I mention the Omega movies because I had a curious daydream today that may or may not have been inspired by them. In my daydream, I was the only person living in my part of the city. The reason I was the only one living there is because I was the only one who was born-again. Everyone else had left or died or had otherwise been removed. But far from feeling lonely, I reveled in my aloneness: I’d waited a long time to have this place to myself.
I was aware that there were other born-again believers in other parts of the city. We’d spy each other in the distance on occasion and wave in greeting, but we felt no pressing need to meet up. We were happy to be in our own and God’s company. It was enough for us to know that there were other born-again believers out there as far-flung neighbors and that we could meet up at any time if we wanted to. We also knew that we had nothing to fear from each other because we were God-approved and God-affirmed. We wouldn’t be there if we weren’t.
And so, in my daydream, I lived a life of ease and comfort, never locking my doors, never wary of going out after dark, never worrying about anyone stealing my bike or any of my possessions. I went to stores that stocked all my favorite things, and I never had to pay for them. All the services required for modern life, like clean running water and electricity, continued as before, only better. I lacked for nothing, and everything ran smoothly and seamlessly. But how was this possible with only a handful of people living in the city?
Enter AI. An army of bots had been programmed to provide for my and my neighbours’ every need. From the planting of seeds to the harvesting, processing, delivery, and even display of the final products, everything was done by robots that were directed and monitored by AI. Self-driving buses carted me around on my daily adventures unless I wanted to drive one of the countless abandoned cool cars at my disposal. Self-driving garbage trucks picked up my garbage at my command. If I fancied a pizza, bots would prepare it for me and deliver it piping hot, all within a half hour (and still free!).

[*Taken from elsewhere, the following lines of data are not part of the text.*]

Lemma qbinomial_theorem n s :
  \sum_(i < n.+1) (-1) ^+ i * 'X^('C(i, 2) + s * (n - i)) * qbinom n i =
  \prod_(t < n) ('X^s - 'X^t).
Proof.
elim: n => [|n IHn]; first by rewrite big_ord1 big_ord0 muln0 expr0 !mul1r.
rewrite [RHS]big_ord_recr [RHS]/= -IHn mulrBr !mulr_suml.
pose T i := (-1) ^+ i * 'X^('C(i, 2) + s * (n - i)) * qbinom n i : {poly R}.
pose c j := (-1) ^+ j.+1 * 'X^('C(j.+1, 2) + s * (n - j)) : {poly R}.
have shift_s : \sum_(i < n.+1) T i * 'X^s =
    'X^(s * n.+1) + \sum_(j < n.+1) c j * qbinom n j.+1.
  rewrite big_ord_recl [in RHS]big_ord_recr /= (@qbinom_small n n.+1) // mulr0 addr0.
  rewrite /T qbinom_n0 subn0 expr0 !mul1r mulr1 -exprD mulnS addnC; congr (_ + _).
  apply: eq_bigr => j _; rewrite /c /bump /= add1n.
  have -> : (s * (n - j) = s + s * (n - j.+1))%N.
    by have j_lt := ltn_ord j; rewrite -mulnS; congr (_ * _); lia.
  by rewrite !exprD; ring.
have shift_n : \sum_(i < n.+1) T i * 'X^n =
    - \sum_(j < n.+1) c j * ('X^(n - j) * qbinom n j).
  rewrite -sumrN; apply: eq_bigr => j _; rewrite /T /c binS bin1.
  have -> : 'X^n = 'X^j * 'X^(n - j) :> {poly R}.
    by have j_lt := ltn_ord j; rewrite -exprD; congr (_ ^+ _); lia.
  by rewrite !exprD exprS; ring.
rewrite shift_s shift_n opprK big_ord_recl qbinom_n0 subn0 expr0 !mul1r mulr1.
rewrite -addrA -big_split; congr (_ + _); apply: eq_bigr => j _.
by rewrite /c lift0 qbinomSS subSS mulrDr.
Qed.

As I delved deeper and deeper into my daydream, it occurred to me that what I was seeing was a high-tech version of Heaven that was super-imposed on my current surroundings. It was an idealized here and now that had some elements of the post-apocalyptic movies I’d seen, but with all the negative aspects removed. Instead of mutants and zombies, born-again believers were my neighbors. Instead of overgrown streets and crumbling buildings, tidiness and order ruled the day. Instead of having to forage for leftovers in dead people’s fridges, I was offered fresh produce in pristine stores.
But then I thought: What’s the point of having Heaven on Earth if I can have Heaven in Heaven? I might finally have good neighbors if they’re all born-again, but bugs and dogs can bite me here, and I still generate waste and need a bath. For all its wonders and conveniences, the AI-enabled city I’d envisioned falls far short of the supernatural perfection that awaits us in Heaven. Earth can never be Heaven, no matter how high the tech, and trying to make it so is a waste of time.